SALT LAKE CITY — School principals do a lot more than strike dread in the hearts of misbehaving kids, even if that’s how many people remember them.
A new study published in the Education Next journal gives statistical proof that effective principals raise academic achievement of students at their schools.
The most effective principals raise achievement of a typical student by two to seven months of learning in a single school year, according to the "School Leaders Matter" study. The least effective principals lower achievement by a similar amount. Seven thousand principals were studied, using data from the Texas Education Agency going back to 1993.
Researchers adjusted for the fact that a principal in a school that serves mostly wealthy families might appear to be doing a great job, when students' high achievement was really driven by family background factors.
The statistical adjustments also leveled the field for principals working with disadvantaged students whose achievement scores were comparatively low. Such a principal could be producing better student achievement results than other principals did in similar circumstances. A statistical process known as value-added measurement was used to tease out that information.
A principal new to a school inherits a particular group of circumstances that influences ability to improve achievement. That's another reason that it's difficult to isolate the impact a school principal makes, said Steven Rivkin, a co-author of the study.
"A principal enters a school, and the vast majority of teachers were there before. The curriculum is there, and the school is under district rules and state rules," Rivkin said. "One of the hard things we are trying to do is look at patterns in the data that really confirm that we are actually capturing principal effects."
The study factored in how each principal’s performance compared to performance of other principals who led the same school, and how individual principals performed in different schools over their careers. And the calculations included measures of teacher effectiveness based on value-added evaluations of teacher quality.
After all data was considered, scores for the 7,000 principals in the study were arranged on a distribution scale. This allowed researchers to determine which principals were most and least effective at raising student achievement, and led to several other conclusions.
Besides showing that student achievement rises when an effective principal is at a school's helm, the study showed principal turnover is much higher in schools that serve disadvantaged populations. That's significant, because it takes time for effective principals to have a positive impact on student success.
"Unlike teachers, who can go in and directly impact students, principals do it indirectly," said James Hull, senior policy analyst for the Center for Public Education. "They do it through the quality of teachers they retain and bring in, and the support they provide for them. That doesn't happen overnight. Optimally, it takes five to seven years."
Hull authored a 2012 study that found that high principal turnover had an adverse impact on schools, felt most keenly at the most challenging schools.
"For many principals, their first job is at a challenging school," Hull said. "They get their experience, and after two or three years they move on to less challenging and more prestigious jobs in their districts — easier jobs that pay just as much."
Hallmarks of quality
Hull's study drew conclusions about hallmarks of effective school principals. The best of them are true instructional leaders who set the tone for school curriculum and teacher development, he said. Meanwhile, they retain their traditional administrative duties, which include setting the tone for student discipline.

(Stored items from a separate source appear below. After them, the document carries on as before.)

(* Let $X$ be a topological space. Then the uniform space $(C(X),\mathcal{U}_\Gamma)$ is complete.
   Context: $C(X)$ is the set of continuous real-valued functions on $X$. $LSC(X,(0,1))$ is the set of lower semicontinuous functions $X\to(0,1)$. For $\epsilon\in LSC(X,(0,1))$ let $B(\epsilon)=\{(f,g)\in C(X)\times C(X): |f(x)-g(x)|<\epsilon(x)\ \forall x\in X\}$. The uniformity $\mathcal{U}_\Gamma$ on $C(X)$ is the uniformity having $\{B(\epsilon):\epsilon\in LSC(X,(0,1))\}$ as a base; it induces the graph topology on $C(X)$ (the topology with base the sets $\{f\in C(X): \text{graph}(f)\subset G\}$, $G$ open in $X\times\mathbb{R}$). *)

From Stdlib Require Import Reals.
Open Scope R_scope.

Record TopSpace := {
  carrier :> Type;
  is_open : (carrier -> Prop) -> Prop;
  open_full : is_open (fun _ => True);
  open_inter : forall U V, is_open U -> is_open V -> is_open (fun x => U x /\ V x);
  open_union : forall (F : (carrier -> Prop) -> Prop),
      (forall U, F U -> is_open U) -> is_open (fun x => exists U, F U /\ U x)
}.

Definition R_open (U : R -> Prop) : Prop :=
  forall x, U x -> exists d, 0 < d /\ forall y, Rabs (y - x) < d -> U y.

Definition continuous_on {X : TopSpace} (f : X -> R) : Prop :=
  forall U, R_open U -> is_open X (fun x => U (f x)).

Definition CX (X : TopSpace) : Type := { f : X -> R | continuous_on f }.

Definition LSC01 {X : TopSpace} (e : X -> R) : Prop :=
  (forall x, 0 < e x /\ e x < 1) /\
  (forall r, is_open X (fun x => r < e x)).

Definition B {X : TopSpace} (e : X -> R) (f g : CX X) : Prop :=
  forall x, Rabs (proj1_sig f x - proj1_sig g x) < e x.

Definition is_filter {T : Type} (F : (T -> Prop) -> Prop) : Prop :=
  F (fun _ => True) /\
  ~ F (fun _ => False) /\
  (forall A B, F A -> F B -> F (fun t => A t /\ B t)) /\
  (forall A B : T -> Prop, (forall t, A t -> B t) -> F A -> F B).

(* Cauchy filter for the uniformity U_Gamma (generated by the base B(eps)). *)
Definition cauchy_Gamma {X : TopSpace} (F : (CX X -> Prop) -> Prop) : Prop :=
  forall e, LSC01 e -> exists A, F A /\ forall f g, A f -> A g -> B e f g.

Definition converges_Gamma {X : TopSpace} (F : (CX X -> Prop) -> Prop) (f : CX X) : Prop :=
  forall e, LSC01 e -> F (fun g => B e f g).

Definition complete_Gamma (X : TopSpace) : Prop :=
  forall F : (CX X -> Prop) -> Prop,
    is_filter F -> cauchy_Gamma F -> exists f, converges_Gamma F f.

From Stdlib Require Import Reals Lra Classical ClassicalEpsilon FunctionalExtensionality PropExtensionality.
Open Scope R_scope.

(* A Cauchy filter F for U_Gamma is in particular Cauchy for the uniform
   metric, since constant functions c in (0,1) are lower semicontinuous.
   Choosing, for the scale c_n = 1/(n+2), a set A_n in F of B(c_n)-small
   diameter and a point f_n of A_n, the f_n form a uniformly Cauchy sequence;
   its pointwise limit h is a uniform limit of continuous functions and hence
   continuous.  Finally, for an arbitrary lower semicontinuous e, a set A in F
   of B(e/2)-small diameter lies inside B(e)[h]: at each point x compare g in
   A with a common element k of A and A_N, where c_N is small compared to e(x). *)

Lemma open_ext (X : TopSpace) (P Q : X -> Prop) :
  (forall x, P x <-> Q x) -> is_open X P -> is_open X Q.
Proof.
  intros HPQ HP.
  replace Q with P; [exact HP|].
  apply functional_extensionality; intro x.
  apply propositional_extensionality, HPQ.
Qed.

Lemma open_empty (X : TopSpace) : is_open X (fun _ => False).
Proof.
  eapply open_ext; [|apply (open_union X (fun _ => False)); tauto].
  intro x; split; [intros [U [[] _]] | tauto].
Qed.

(* A set is open as soon as each of its points has an open neighbourhood
   inside it: it is the union of all open subsets of itself. *)
Lemma open_of_local (X : TopSpace) (P : X -> Prop) :
  (forall x, P x -> exists W, is_open X W /\ W x /\ forall y, W y -> P y) ->
  is_open X P.
Proof.
  intros Hloc.
  eapply open_ext;
    [|apply (open_union X (fun W => is_open X W /\ forall y, W y -> P y)); tauto].
  intro x; split.
  - intros [W [[_ HWP] Wx]]; auto.
  - intros Px; destruct (Hloc x Px) as [W [HW [Wx HWP]]]; eauto.
Qed.

Lemma ball_open (a r : R) : R_open (fun y => Rabs (y - a) < r).
Proof.
  intros x Hx; exists (r - Rabs (x - a)); split; [lra|].
  intros y Hy; pose proof (Rdist_tri y a x); unfold Rdist in *; lra.
Qed.

(* Constant gauges with values in (0,1) are lower semicontinuous; this is
   what makes U_Gamma finer than the uniform metric. *)
Lemma const_LSC (X : TopSpace) (c : R) : 0 < c < 1 -> @LSC01 X (fun _ => c).
Proof.
  intros Hc; split; [auto|].
  intro r; destruct (Rlt_dec r c).
  - eapply open_ext; [|apply open_full]; intro; split; auto.
  - eapply open_ext; [|apply open_empty]; intro; split; [tauto|lra].
Qed.

Lemma half_LSC (X : TopSpace) (e : X -> R) : LSC01 e -> LSC01 (fun x => e x / 2).
Proof.
  intros [Hbnd Hopen]; split.
  - intro x; specialize (Hbnd x); lra.
  - intro r; eapply open_ext; [|apply (Hopen (2 * r))]; intro x; split; lra.
Qed.

Lemma filter_meet {T : Type} (F : (T -> Prop) -> Prop) (A A' : T -> Prop) :
  is_filter F -> F A -> F A' -> exists t, A t /\ A' t.
Proof.
  intros [_ [Hproper [Hinter Hup]]] HA HA'.
  apply NNPP; intro Hdisj; apply Hproper.
  apply (Hup (fun t => A t /\ A' t)); [|auto].
  intros t Ht; apply Hdisj; eauto.
Qed.

Definition scale (n : nat) : R := / (INR n + 2).

Lemma scale_bounds n : 0 < scale n < 1.
Proof.
  unfold scale; pose proof (pos_INR n); split.
  - apply Rinv_0_lt_compat; lra.
  - rewrite <- Rinv_1; apply Rinv_lt_contravar; lra.
Qed.

Lemma scale_antitone n m : (n <= m)%nat -> scale m <= scale n.
Proof.
  intro Hnm; unfold scale; apply le_INR in Hnm; pose proof (pos_INR n).
  apply Rinv_le_contravar; lra.
Qed.

Lemma scale_small d : 0 < d -> exists N, forall n, (N <= n)%nat -> scale n < d.
Proof.
  intro Hd; destruct (archimed_cor1 d Hd) as [N [HN HN0]].
  exists N; intros n Hn.
  apply Rle_lt_trans with (scale N); [now apply scale_antitone|].
  apply Rlt_trans with (/ INR N); [|exact HN].
  apply lt_0_INR in HN0; unfold scale; apply Rinv_lt_contravar; nra.
Qed.

Lemma uniform_limit {T : Type} (u : nat -> T -> R) :
  (forall n m x, Rabs (u n x - u m x) < scale n + scale m) ->
  exists h : T -> R, forall n x, Rabs (u n x - h x) < 3 * scale n.
Proof.
  intros Hcau.
  assert (Hcrit : forall x, Cauchy_crit (fun n => u n x)).
  { intros x eps Heps.
    destruct (scale_small (eps / 2)) as [N HN]; [lra|].
    exists N; intros n m Hn Hm; unfold Rdist.
    specialize (Hcau n m x); pose proof (HN n Hn); pose proof (HN m Hm); lra. }
  exists (fun x => proj1_sig (R_complete _ (Hcrit x))); intros n x.
  destruct (R_complete _ (Hcrit x)) as [l Hl]; simpl.
  destruct (Hl (scale n) (proj1 (scale_bounds n))) as [N HN].
  set (M := Nat.max N n).
  specialize (HN M (Nat.le_max_l _ _)); unfold Rdist in HN.
  pose proof (Hcau n M x); pose proof (scale_antitone n M (Nat.le_max_r _ _)).
  pose proof (Rdist_tri (u n x) l (u M x)); unfold Rdist in *; lra.
Qed.

Lemma uniform_limit_continuous (X : TopSpace) (h : X -> R) :
  (forall d, 0 < d -> exists g : CX X, forall x, Rabs (proj1_sig g x - h x) < d) ->
  continuous_on h.
Proof.
  intros Happrox U HU; apply open_of_local; intros x Ux.
  destruct (HU (h x) Ux) as [d [Hd HdU]].
  destruct (Happrox (d / 3)) as [[g Hg] Hgh]; [lra|]; simpl in Hgh.
  exists (fun y => Rabs (g y - g x) < d / 3); repeat split.
  - exact (Hg _ (ball_open (g x) (d / 3))).
  - rewrite Rminus_diag, Rabs_R0; lra.
  - intros y Hy; apply HdU.
    pose proof (Hgh x); pose proof (Hgh y).
    pose proof (Rdist_tri (h y) (h x) (g y)).
    pose proof (Rdist_tri (g y) (h x) (g x)).
    pose proof (Rdist_sym (h y) (g y)).
    unfold Rdist in *; lra.
Qed.

Section CauchyFilter.

Variable X : TopSpace.
Variable F : (CX X -> Prop) -> Prop.
Hypothesis F_filter : is_filter F.
Hypothesis F_cauchy : cauchy_Gamma F.

Lemma cauchy_approximants :
  exists (f : nat -> CX X) (A : nat -> CX X -> Prop),
    forall n, F (A n) /\
      forall k, A n k -> forall x, Rabs (proj1_sig (f n) x - proj1_sig k x) < scale n.
Proof.
  assert (Hstage : forall n, exists p : CX X * (CX X -> Prop), F (snd p) /\
      forall k, snd p k -> forall x, Rabs (proj1_sig (fst p) x - proj1_sig k x) < scale n).
  { intro n.
    destruct (F_cauchy _ (const_LSC X _ (scale_bounds n))) as [A [HA Hsmall]].
    destruct (filter_meet F A A F_filter HA HA) as [f [Hf _]].
    exists (f, A); split; [exact HA|]; intros k Hk x; exact (Hsmall f k Hf Hk x). }
  set (p n := proj1_sig (constructive_indefinite_description _ (Hstage n))).
  exists (fun n => fst (p n)), (fun n => snd (p n)); intro n.
  unfold p; destruct constructive_indefinite_description; auto.
Qed.

Variable f : nat -> CX X.
Variable A : nat -> CX X -> Prop.
Hypothesis f_approx : forall n, F (A n) /\
  forall k, A n k -> forall x, Rabs (proj1_sig (f n) x - proj1_sig k x) < scale n.

(* The chosen points form a uniformly Cauchy sequence, since A_n and A_m meet. *)
Lemma approximants_cauchy n m x :
  Rabs (proj1_sig (f n) x - proj1_sig (f m) x) < scale n + scale m.
Proof.
  destruct (f_approx n) as [Hn Hfn], (f_approx m) as [Hm Hfm].
  destruct (filter_meet F _ _ F_filter Hn Hm) as [k [Hkn Hkm]].
  pose proof (Hfn k Hkn x); pose proof (Hfm k Hkm x).
  pose proof (Rdist_tri (proj1_sig (f n) x) (proj1_sig (f m) x) (proj1_sig k x)).
  pose proof (Rdist_sym (proj1_sig k x) (proj1_sig (f m) x)).
  unfold Rdist in *; lra.
Qed.

Variable h : X -> R.
Hypothesis h_limit : forall n x, Rabs (proj1_sig (f n) x - h x) < 3 * scale n.

Lemma limit_continuous : continuous_on h.
Proof.
  apply uniform_limit_continuous; intros d Hd.
  destruct (scale_small (d / 3)) as [N HN]; [lra|].
  exists (f N); intro x; specialize (HN N (le_n N)); specialize (h_limit N x); lra.
Qed.

(* F converges to h: a set of B(e/2)-small diameter in F lies in B(e)[h]. *)
Lemma filter_converges_to_limit (hc : continuous_on h) :
  converges_Gamma F (exist _ h hc).
Proof.
  intros e He.
  destruct (F_cauchy _ (half_LSC X e He)) as [A' [HA' Hsmall]].
  destruct F_filter as [_ [_ [_ Hup]]].
  apply (Hup A'); [|exact HA']; intros g Hg x; simpl.
  pose proof (proj1 (proj1 He x)).
  destruct (scale_small (e x / 8)) as [N HN]; [lra|]; specialize (HN N (le_n N)).
  destruct (f_approx N) as [HAN HfN].
  destruct (filter_meet F _ _ F_filter HA' HAN) as [k [Hk' HkN]].
  pose proof (Hsmall g k Hg Hk' x); pose proof (HfN k HkN x); pose proof (h_limit N x).
  pose proof (Rdist_tri (h x) (proj1_sig g x) (proj1_sig (f N) x)).
  pose proof (Rdist_tri (proj1_sig (f N) x) (proj1_sig g x) (proj1_sig k x)).
  pose proof (Rdist_sym (h x) (proj1_sig (f N) x)).
  pose proof (Rdist_sym (proj1_sig k x) (proj1_sig g x)).
  unfold B, Rdist in *; simpl in *; lra.
Qed.

End CauchyFilter.

Theorem proposition1p3 (X : TopSpace) : complete_Gamma X.
Proof.
  intros F HF HC.
  destruct (cauchy_approximants X F HF HC) as [f [A Happrox]].
  destruct (uniform_limit (fun n => proj1_sig (f n)))
    as [h Hh]; [exact (approximants_cauchy X F HF f A Happrox)|].
  set (hc := limit_continuous X f h Hh).
  exists (exist _ h hc).
  exact (filter_converges_to_limit X F HF HC f A Happrox h Hh hc).
Qed.
(* Every (fork, co-dart)-free graph $G$ satisfies $\chi(G)\le\binom{\omega(G)+1}{2}$.
   Context: All graphs are finite and simple; $\chi$ is chromatic number, $\omega$ clique number. The fork is obtained from $K_{1,3}$ by subdividing one edge once. The co-dart is the disjoint union of a paw (a triangle with a pendant vertex) and an isolated vertex. $G$ is $(H_1,H_2)$-free if it has no induced subgraph isomorphic to $H_1$ or $H_2$. *)

From mathcomp Require Import all_boot.
Set Implicit Arguments. Unset Strict Implicit. Unset Printing Implicit Defensive.

Definition simple_graph (T : finType) (e : rel T) : Prop :=
  irreflexive e /\ symmetric e.

Definition induces (U T : finType) (h : rel U) (e : rel T) : Prop :=
  exists f : U -> T, injective f /\ forall x y, e (f x) (f y) = h x y.

Definition free_of (U T : finType) (h : rel U) (e : rel T) : Prop :=
  ~ induces h e.

(* Fork: K_{1,3} (center 0, leaves 1,2,4) with edge 0-4 subdivided by vertex 3:
   edges 0-1, 0-2, 0-3, 3-4. *)
Definition fork_edges : seq (nat * nat) := [:: (0,1); (0,2); (0,3); (3,4)].
(* Co-dart: paw (triangle 0,1,2 with pendant 3 attached to 0) + isolated 4. *)
Definition codart_edges : seq (nat * nat) := [:: (0,1); (1,2); (0,2); (0,3)].

Definition rel_of_edges (E : seq (nat * nat)) : rel 'I_5 :=
  fun x y => ((nat_of_ord x, nat_of_ord y) \in E) || ((nat_of_ord y, nat_of_ord x) \in E).

Definition fork : rel 'I_5 := rel_of_edges fork_edges.
Definition codart : rel 'I_5 := rel_of_edges codart_edges.

Definition clique (T : finType) (e : rel T) (A : {set T}) : bool :=
  [forall x in A, forall y in A, (x != y) ==> e x y].

Definition clique_number (T : finType) (e : rel T) : nat :=
  \max_(A : {set T} | clique e A) #|A|.

Definition colourable (T : finType) (e : rel T) (k : nat) : bool :=
  [exists c : {ffun T -> 'I_k}, [forall x, forall y, e x y ==> (c x != c y)]].

Lemma colourable_card (T : finType) (e : rel T) :
  irreflexive e -> exists k, colourable e k.
Proof.
move=> irr; exists #|T|; apply/existsP; exists (finfun (@enum_rank T)).
apply/forallP => x; apply/forallP => y; apply/implyP => exy.
rewrite !ffunE; apply/negP => /eqP /enum_rank_inj xy; subst y; by rewrite irr in exy.
Qed.

Definition chromatic_number (T : finType) (e : rel T) (irr : irreflexive e) : nat :=
  ex_minn (colourable_card irr).

From mathcomp Require Import all_boot.
Set Implicit Arguments. Unset Strict Implicit. Unset Printing Implicit Defensive.

(* We colour a vertex set A of clique number at most w with binom(w+1, 2)
   colours, by induction on w.  For w <= 2, A is stable (1 colour) or
   triangle-free; triangle-free fork-free graphs are 3-colourable: a vertex a of
   degree <= 2 is coloured greedily, otherwise the first breadth-first layers
   around a split into two stable sets {a} + L2 and L1 + L3 with no edge to the
   rest of the graph.  For w >= 3 pick a vertex v: its neighbourhood has clique
   number <= w - 1 and takes binom(w, 2) colours by induction; the remaining
   vertices, v included, induce a paw-free graph because v is isolated there and
   G is co-dart-free.  A paw-free graph of clique number w >= 3 is w-colourable:
   the vertices touching a triangle form a union of components which is complete
   multipartite (non-adjacency is transitive), hence w-colourable, and the rest
   is handled by induction.  As binom(w, 2) + w = binom(w+1, 2), we are done. *)

Lemma third_element (U : finType) (S : {set U}) b d :
  2 < #|S| -> exists2 f, f \in S & (f != b) && (f != d).
Proof.
move=> gt2S; have : 0 < #|S :\: [set b; d]|.
  rewrite cardsD subn_gt0; apply: leq_ltn_trans gt2S.
  apply: leq_trans (subset_leq_card (subsetIr _ _)) _; rewrite cards2; by case: (b != d).
by case/card_gt0P => f; rewrite !inE negb_or => /andP[/andP[fb fd] fS]; exists f; rewrite ?fb.
Qed.
Lemma expitA0 : expitA A 0 = 1%:M.
Proof.
apply/matrixP => i j.
have Re0 : limn (series (fun k => cos_coeff 0 k * (A ^+ k) i j)) = (i == j)%:R.
  apply: lim_near_cst => //; near=> n; rewrite -[n]prednK; last by near: n.
  rewrite /series /= big_nat_recl // big1 ?addr0 => [|k _].
    by rewrite /cos_coeff /= !expr0 mxE fact0 expr0z !mul1r invr1 ?mulr1 mul1r.
  by rewrite /cos_coeff /= exprS !(mulr0, mul0r).
have Im0 : limn (series (fun k => sin_coeff 0 k * (A ^+ k) i j)) = 0.
  rewrite [X in lim (X @ _)](_ : _ = fun=> 0) ?lim_cst //; apply/funext => m.
  rewrite /series /= big1 // => k _.
  by rewrite /sin_coeff /= expr0n; case: k => [|k] /=; rewrite !(mulr0, mul0r).
apply/eqP; rewrite eq_complex Re_expitA Im_expitA Re0 Im0 mxE.
by case: (i == j); rewrite /= ?eqxx.
Unshelve. all: by end_near.
Qed.

Lemma pst_left_eigen_cos_sin {tau gamma a b} {w w' : 'rV[R]_N} {lam sa sb} :
  (forall c, expitA A tau c a = gamma * (c == b)%:R) ->
  w *m A = lam *: w -> w' *m A = (- lam) *: w' ->
  w' 0 a = sa * w 0 a -> w' 0 b = sb * w 0 b -> sb != 0 -> w 0 a != 0 ->
  cos (tau * lam) * sin (tau * lam) = 0.
Proof.
move=> col wA wA' wa' wb' sb0 wa0.
have colRe (v : 'rV[R]_N) :
    \sum_j v 0 j * complex.Re (expitA A tau j a) = v 0 b * complex.Re gamma.
  under eq_bigr do rewrite col.
  by rewrite (bigD1 b) //= eqxx mulr1 big1 ?addr0 // => j /negbTE ->; rewrite !mulr0.
have colIm (v : 'rV[R]_N) :
    \sum_j v 0 j * complex.Im (expitA A tau j a) = v 0 b * complex.Im gamma.
  under eq_bigr do rewrite col.
  by rewrite (bigD1 b) //= eqxx mulr1 big1 ?addr0 // => j /negbTE ->; rewrite !mulr0.
have e1 := left_eigen_Re_expitA tau a wA; rewrite colRe in e1.
have e2 := left_eigen_Im_expitA tau a wA; rewrite colIm in e2.
have e3 := left_eigen_Re_expitA tau a wA'; rewrite colRe mulrN cosN wa' wb' in e3.
have e4 := left_eigen_Im_expitA tau a wA'; rewrite colIm mulrN sinN wa' wb' in e4.
set C := cos _ in e1 e3 *; set S := sin _ in e2 e4 *.
have cos_part : (sb - sa) * (w 0 a * C) = 0.
  transitivity (sb * (w 0 a * C - w 0 b * complex.Re gamma) +
                (sb * w 0 b * complex.Re gamma - sa * w 0 a * C)); first by ring.
  by rewrite e1 e3 !subrr mulr0 addr0.
have sin_part : (sb + sa) * (w 0 a * S) = 0.
  transitivity (sb * (w 0 a * S - w 0 b * complex.Im gamma) +
                (sb * w 0 b * complex.Im gamma + sa * w 0 a * S)); first by ring.
  by rewrite e2 e4 subrr mulrN addNr mulr0 addr0.
have : (sb *+ 2 * w 0 a) * (C * S) = 0.
  transitivity (S * ((sb - sa) * (w 0 a * C)) + C * ((sb + sa) * (w 0 a * S))).
    by ring.
  by rewrite cos_part sin_part !mulr0 addr0.
move/eqP; rewrite mulf_eq0 => /orP[|/eqP //].
by rewrite mulf_eq0 mulrn_eq0 /= (negbTE sb0) (negbTE wa0).
Qed.
(* Let $k\ge 2$ and let $K>0$, $\sigma>0$, $0<d_0<d_1$, $0<\beta\le \tfrac12$, and let $\theta$ be a positive even integer. Consider agents with positions $x_i(t)\in\mathbb{R}^n$ and velocities $v_i(t)\in\mathbb{R}^n$, $i=1,\dots,k$, evolving by $$\dot x_i=v_i,\qquad \dot v_i=\sum_{j=1}^k a_{ij}(x)(v_j-v_i)+\Lambda(v)\sum_{j\neq i} f_0(\|x_i-x_j\|^2)(x_i-x_j)+\Lambda(v)\sum_{j\ne i} f_1(\|x_i-x_j\|^2)(x_j-x_i),$$ where $$a_{ij}(x)=\frac{K}{(\sigma^2+\|x_i-x_j\|^2)^{\beta}},\quad \Lambda(v)=\Big(\frac1k\sum_{i>j}\|v_i-v_j\|^2\Big)^{1/2},\quad f_0(r)=\frac{1}{(r-d_0)^{\theta}},\quad f_1(r)=\frac{1}{(r-d_1)^{\theta}}.$$ Suppose the initial positions satisfy $d_0<\|x_i(0)-x_j(0)\|^2<d_1$ for all $i\neq j$, and let $(x(t),v(t))$ be a solution defined for all $t\ge 0$. Then the average velocity $\bar v(t)=\frac1k\sum_{i=1}^k v_i(t)$ is constant in $t$, the deviations $\|x_i(t)-\bar x(t)\|$ (with $\bar x=\frac1k\sum_i x_i$) remain bounded for $t\ge0$, $\int_0^\infty\big(\sum_{i=1}^k\|v_i(t)-\bar v\|^2\big)^{1/2}dt<\infty$, and $v_i(t)-\bar v\to 0$ as $t\to\infty$ for every $i$; i.e. all velocities converge to a common value.
   Context: $\|\cdot\|$ is the Euclidean norm. The term $\sum_j a_{ij}(x)(v_j-v_i)$ is the alignment term, the $f_0$ term the separation term, and the $f_1$ term the cohesion term. Note $\Lambda(v)$ equals $\big(\sum_{i=1}^k\|v_i-\bar v\|^2\big)^{1/2}$. *)

From Stdlib Require Import Reals Lra Lia Arith.
Open Scope R_scope.

Fixpoint fsum (n : nat) (f : nat -> R) : R :=
  match n with
  | O => 0
  | S m => fsum m f + f m
  end.

(* Vectors in R^n are represented by functions nat -> R (coordinates 0..n-1).
   A configuration of k agents is a function nat -> nat -> R
   (agent index 0..k-1, coordinate 0..n-1). *)

Definition norm2 (n : nat) (u : nat -> R) : R := fsum n (fun c => u c ^ 2).

Definition dist2 (n : nat) (p : nat -> nat -> R) (i j : nat) : R :=
  norm2 n (fun c => p i c - p j c).

Definition acoef (n : nat) (K sigma beta : R) (p : nat -> nat -> R) (i j : nat) : R :=
  K / Rpower (sigma ^ 2 + dist2 n p i j) beta.
Lemma spow_trunc {N} f k {n} : (n < N)%N -> spow f k n = (trunc_poly N f ^+ k)`_n.
Proof.
elim: k n => [|k IHk] n lt_nN; first by rewrite coefC.
rewrite exprS coefM /spow iterS -/(spow f k); apply: eq_bigr => -[i lt_in] _ /=.
rewrite coef_trunc_poly; last by apply: leq_ltn_trans lt_nN; rewrite -ltnS.
by rewrite IHk //; apply: leq_ltn_trans lt_nN; apply: leq_subr.
Qed.

Lemma spow_diag f k : f 0%N = 0 -> spow f k k = f 1%N ^+ k.
Proof.
by move=> f0; rewrite (@spow_trunc k.+2) // coef_exp_diag ?coef_trunc_poly.
Qed.

Lemma scomp_trunc {N} f u {m} : (m < N)%N -> u 0%N = 0 ->
  scomp f u m = (trunc_poly N f \Po trunc_poly N u)`_m.
Proof.
move=> lt_mN u0; rewrite (coef_comp_poly_le _ m (size_poly N f)).
set F := fun i => (trunc_poly N f)`_i * (trunc_poly N u ^+ i)`_m.
rewrite (big_ord_trunc (F := F) lt_mN) => [|i lt_mi]; last first.
  by rewrite /F coef_exp_lt ?mulr0 ?coef_trunc_poly //; apply: leq_ltn_trans lt_mN.
apply: eq_bigr => -[i lt_im] _ /=; rewrite /F.
by rewrite (spow_trunc _ _ lt_mN) coef_trunc_poly //; apply: leq_ltn_trans lt_mN.
Qed.

Lemma scomp_coef0 f u : u 0%N = 0 -> scomp f u 0%N = f 0%N.
Proof. by move=> u0; rewrite /scomp big_ord1 /= mulr1. Qed.

Lemma trunc_scomp {N} f u : u 0%N = 0 ->
  eqmodX N (trunc_poly N (scomp f u)) (trunc_poly N f \Po trunc_poly N u).
Proof. by move=> u0 i lt_iN; rewrite coef_trunc_poly // (scomp_trunc _ _ lt_iN u0). Qed.

Lemma trunc_smul {N} f g :
  eqmodX N (trunc_poly N (smul f g)) (trunc_poly N f * trunc_poly N g).
Proof. by move=> i lt_iN; rewrite coef_trunc_poly // (smul_trunc _ _ lt_iN). Qed.

Lemma trunc_poly_coef0 {N f} : (0 < N)%N -> f 0%N = 0 -> (trunc_poly N f)`_0 = 0.
Proof. by move=> N_gt0 f0; rewrite coef_trunc_poly. Qed.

"Good principals help teachers improve instruction," Hull said. "They identify those that have high skills and make sure they retain them. Those teachers that don't have good skills, they are able to replace with teachers who have greater skills. They are good motivational leaders who create an environment where students and teachers enjoy coming to school."
Hull said there is no "silver bullet" for solving high principal turnover, but several recommendations arise from current research.
"First, we have to identify highly effective principals," he said, adding that sophisticated value-added measurements like those used in the "School Leaders Matter" study should be part of a broader process for doing that. Rivkin, too, believes value-added evaluations are only a partial measure of principal effectiveness.
"Districts have to be very careful not to over-rely on value-added estimates as their sole measures of principal or teacher performance," he cautioned. "They provide one piece of information that should be used in combination with personal observation, a standard tool in virtually all occupations and industries."
Both researchers recommend that school districts create incentives for keeping excellent principals in one school long enough for them to make a positive impact.
That can be done through higher salaries, better working conditions and more support for principals who remain at the most challenging schools, Hull said.